Now, we can use the `requests.get()` function to retrieve the contents of the URL.

In [14]:
response = requests.get(url)
type(response)

requests.models.Response

We can check to see if the query "worked" by checking the `status code`.

In [15]:
response.status_code

200

A status code of `200` means that the API call was successful. We can also look at a few details about the response by examing the response `headers`. 

In [17]:
response.headers

{'date': 'Sun, 08 Dec 2019 19:55:47 GMT', 'server': 'uvicorn', 'content-length': '1736', 'content-type': 'application/json'}

In particular, we can note that the `content-type` is `application/json`. The content type header, if set appropriately by the server, 
tells us how to deal with the content. In this case, the content type is `json`. The python requests library includes a convenience 
function, `Response.json()`, that returns a python `dict` after parsing the json. Perhaps it is easier to understand by looking at an 
example.

In [18]:
study_record = response.json()

In [19]:
study_record

{'pubmed_ids': [],
 'attributes': [{'value': 'PRJNA75897', 'tag': 'parent_bioproject'}],
 'BioProject': 'PRJNA75899',
 'study_type': 'Other',
 'alias': 'phs000424',
 'identifiers': [{'id': 'PRJNA75899', 'namespace': 'BioProject'},
  {'id': 'phs000424', 'namespace': 'dbGaP'},
  {'id': 'phs000424', 'namespace': 'dbGaP'}],
 'abstract': 'Lay Description.  The aim of the Genotype-Tissue Expression (GTEx) Project is to increase our understanding of how changes in our genes affect human health and disease with the ultimate goal of improving health care for future generations.

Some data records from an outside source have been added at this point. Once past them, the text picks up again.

(* Compare the prox objective at [X] and at [t u + (1 - t) X], with [t] so small
   that the quadratic term in [t] is at most [t e]. *)
Lemma prox_variational_le (s : R) (Psi : V -> \bar R) (w X u : V) (pX pu : R) :
  0 < s -> convex_ext Psi -> is_prox s Psi w X ->
  Psi X = pX%:E -> Psi u = pu%:E ->
  pX + ip (w - X) (u - X) / s <= pu.
Proof.
move=> s_gt0 Psi_cvx X_prox PX Pu.
apply/ler_addgt0Pr => e e_gt0.
set N := `|u - X| ^+ 2.
have N_ge0 : 0 <= N by rewrite exprn_ge0.
have se_gt0 : 0 < s * e by rewrite mulr_gt0.
have den_gt0 : 0 < s * e + N + 1 by lra.
set t := s * e / (s * e + N + 1).
have t_gt0 : 0 < t by rewrite divr_gt0.
have t_lt1 : t < 1 by rewrite ltr_pdivrMr // mul1r; lra.
have tN_le : t * N <= s * e.
  rewrite /t mulrAC ler_pdivrMr //.
  have : 0 <= s * e * (e * s + 1) by rewrite mulr_ge0 // ?ltW //; nra.
  nra.
set ut := t *: u + (1 - t) *: X.
have cvx := Psi_cvx u X t (andb_true_intro (conj t_gt0 t_lt1)).
rewrite Pu PX -!EFinM -EFinD in cvx.
have := le_trans (X_prox ut) (leeD2r _ cvx).
rewrite /= PX -!EFinD lee_fin.
have -> : ut - w = (X - w) + t *: (u - X).
  by rewrite /ut scalerBl scale1r scalerBr addrCA addrAC.
rewrite (sqr_normD (X - w)) sqr_normZ ipZr -[ip (w - X) _]opprK -ipNl opprB => opt.
have half_s : (2 * s)^-1 * 2 = s^-1.
  by rewrite invfM mulrAC mulVf ?mul1r // pnatr_eq0.
have quad_le : (2 * s)^-1 * (t ^+ 2 * N) <= t * e.
  have -> : (2 * s)^-1 * (t ^+ 2 * N) = t * (t * N) / (2 * s).
    by rewrite expr2; field; lra.
  rewrite ler_pdivrMr; last lra.
  have : t * (t * N) <= t * (s * e) by apply: ler_wpM2l; [exact: ltW|].
  nra.
rewrite -(ler_pM2l t_gt0) -half_s.
move: opt quad_le; rewrite /N.
set a := (2 * s)^-1; set b := ip (X - w) (u - X).
set c := `|X - w| ^+ 2; set d := `|u - X| ^+ 2; lra.
Qed.

Lemma forward_backward_le (s L : R) (Psi : V -> \bar R) (Phi : V -> R)
    (g : V -> V) (y X u : V) (pX pu : R) :
  0 < s -> s < L^-1 -> convex_ext Psi -> convex_real Phi ->
  is_gradient ip Phi g -> (forall u v, `|g u - g v| <= L * `|u - v|) ->
  is_prox s Psi (y - s *: g y) X -> Psi X = pX%:E -> Psi u = pu%:E ->
  pX + Phi X + ip (y - X) (u - X) / s - `|X - y| ^+ 2 / (2 * s) <= pu + Phi u.
Proof.
move=> s_gt0 sL Psi_cvx Phi_cvx Phi_grad g_lip X_prox PX Pu.
have L_gt0 : 0 < L by rewrite -invr_gt0; exact: lt_trans sL.
have prox_ineq := prox_variational_le s_gt0 Psi_cvx X_prox PX Pu.
have first_order := convex_first_order_le Phi_cvx Phi_grad u y.
have descent := descent_lemma Phi_grad g_lip y (X - y); rewrite subrK in descent.
rewrite addrAC ipBl ipZl mulrBl mulrAC mulfV ?gt_eqF // mul1r in prox_ineq.
have split_uX : ip (g y) (u - X) = ip (g y) (u - y) - ip (g y) (X - y).
  by rewrite -ipBr opprB addrA subrK.
rewrite split_uX in prox_ineq.
have sL1 : s * L < 1 by rewrite -ltr_pdivlMr // mul1r.
have L_le : L / 2 * `|X - y| ^+ 2 <= `|X - y| ^+ 2 / (2 * s).
  rewrite ler_pdivlMr; last lra.
  have := sqr_ge0 `|X - y|; nra.
lra.
Qed.

(* With [lam = (a - 1) / (K + a - 1)] and [M = 2 s (K + a - 1)^2 / (a - 1)], the
   difference of the two sides is [M (1 - lam)] times the slack of the first
   hypothesis, plus [M lam] times that of the second, plus
   [2 s (a - 2)^2 / (a - 1) (T0 - Ts)]. *)
Lemma inertial_energy_decrease (a s K T0 T1 Ts : R) (xm xk x1 q : V) :
  3 < a -> 0 < s -> 1 <= K -> Ts <= T0 ->
  let y := xk + ((K - 1) / (K + a - 1)) *: (xk - xm) in
  T1 + ip (y - x1) (xk - x1) / s - `|x1 - y| ^+ 2 / (2 * s) <= T0 ->
  T1 + ip (y - x1) (q - x1) / s - `|x1 - y| ^+ 2 / (2 * s) <= Ts ->
  2 * s / (a - 1) * (K + 1 + a - 2) ^+ 2 * (T1 - Ts)
    + (a - 1) * `|x1 + (K / (a - 1)) *: (x1 - xk) - q| ^+ 2
    + 2 * s * (a - 3) / (a - 1) * K * (T0 - Ts)
  <= 2 * s / (a - 1) * (K + a - 2) ^+ 2 * (T0 - Ts)
    + (a - 1) * `|xk + ((K - 1) / (a - 1)) *: (xk - xm) - q| ^+ 2.
Proof.
move=> a_gt3 s_gt0 K_ge1 Ts_le y fb_xk fb_q.
set M := 2 * s / (a - 1) * (K + a - 1) ^+ 2.
set lam := (a - 1) / (K + a - 1).
have lam_ge0 : 0 <= lam by apply: divr_ge0; lra.
have lam_le1 : 0 <= 1 - lam by rewrite subr_ge0 /lam ler_pdivrMr ?mul1r; lra.
have M_ge0 : 0 <= M.
  by apply: mulr_ge0; [apply: divr_ge0|apply: sqr_ge0]; lra.
have S1 : 0 <= M * (1 - lam) *
    (T0 - (T1 + ip (y - x1) (xk - x1) / s - `|x1 - y| ^+ 2 / (2 * s))).
  by apply: mulr_ge0; [apply: mulr_ge0|lra].
have S2 : 0 <= M * lam *
    (Ts - (T1 + ip (y - x1) (q - x1) / s - `|x1 - y| ^+ 2 / (2 * s))).
  by apply: mulr_ge0; [apply: mulr_ge0|lra].
have S3 : 0 <= 2 * s / (a - 1) * (a - 2) ^+ 2 * (T0 - Ts).
  by apply: mulr_ge0; [apply: mulr_ge0; [apply: divr_ge0|apply: sqr_ge0]|]; lra.
move: S1 S2 S3; rewrite /M /lam /y -!ip_self !ip_linE.
rewrite ?[ip xk xm]ipC ?[ip x1 xm]ipC ?[ip q xm]ipC ?[ip x1 xk]ipC ?[ip q xk]ipC
  ?[ip q x1]ipC.
move=> S1 S2 S3.
have Ka_neq0 : K + a - 1 != 0 by apply/eqP; lra.
have a1_neq0 : a - 1 != 0 by apply/eqP; lra.
have s_neq0 : s != 0 by apply/eqP; lra.
rewrite -subr_ge0.
lazymatch type of S1 with is_true (Order.le _ ?A) =>
lazymatch type of S2 with is_true (Order.le _ ?B) =>
lazymatch type of S3 with is_true (Order.le _ ?C) =>
lazymatch goal with |- is_true (Order.le _ ?G) =>
  have -> : G = A + B + C by field; rewrite a1_neq0 s_neq0 Ka_neq0 end end end end.
by rewrite !addr_ge0.
Qed.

GTEx will create a database that researchers can use to study how inherited changes in genes lead to common diseases.  GTEx researchers are studying genes in different tissues obtained from many different people. The GTEx project also includes a study of the GTEx donor consent process - this study will help ensure that the consent process and other aspects of the project effectively address the concerns and expectations 

So, the record that we grabbed from the API is the record for the GTeX project. See the `title` key for "proof".

In [21]:
study_record['title']

'Genotype-Tissue Expression (GTEx) Common Fund Project'

The API documentation for the "endpoint" we just used to fetch a specific study is [here](http://api.omicidx.cancerdatasci.org/docs#/SRA/get_study_accession_sra_study__accession__get).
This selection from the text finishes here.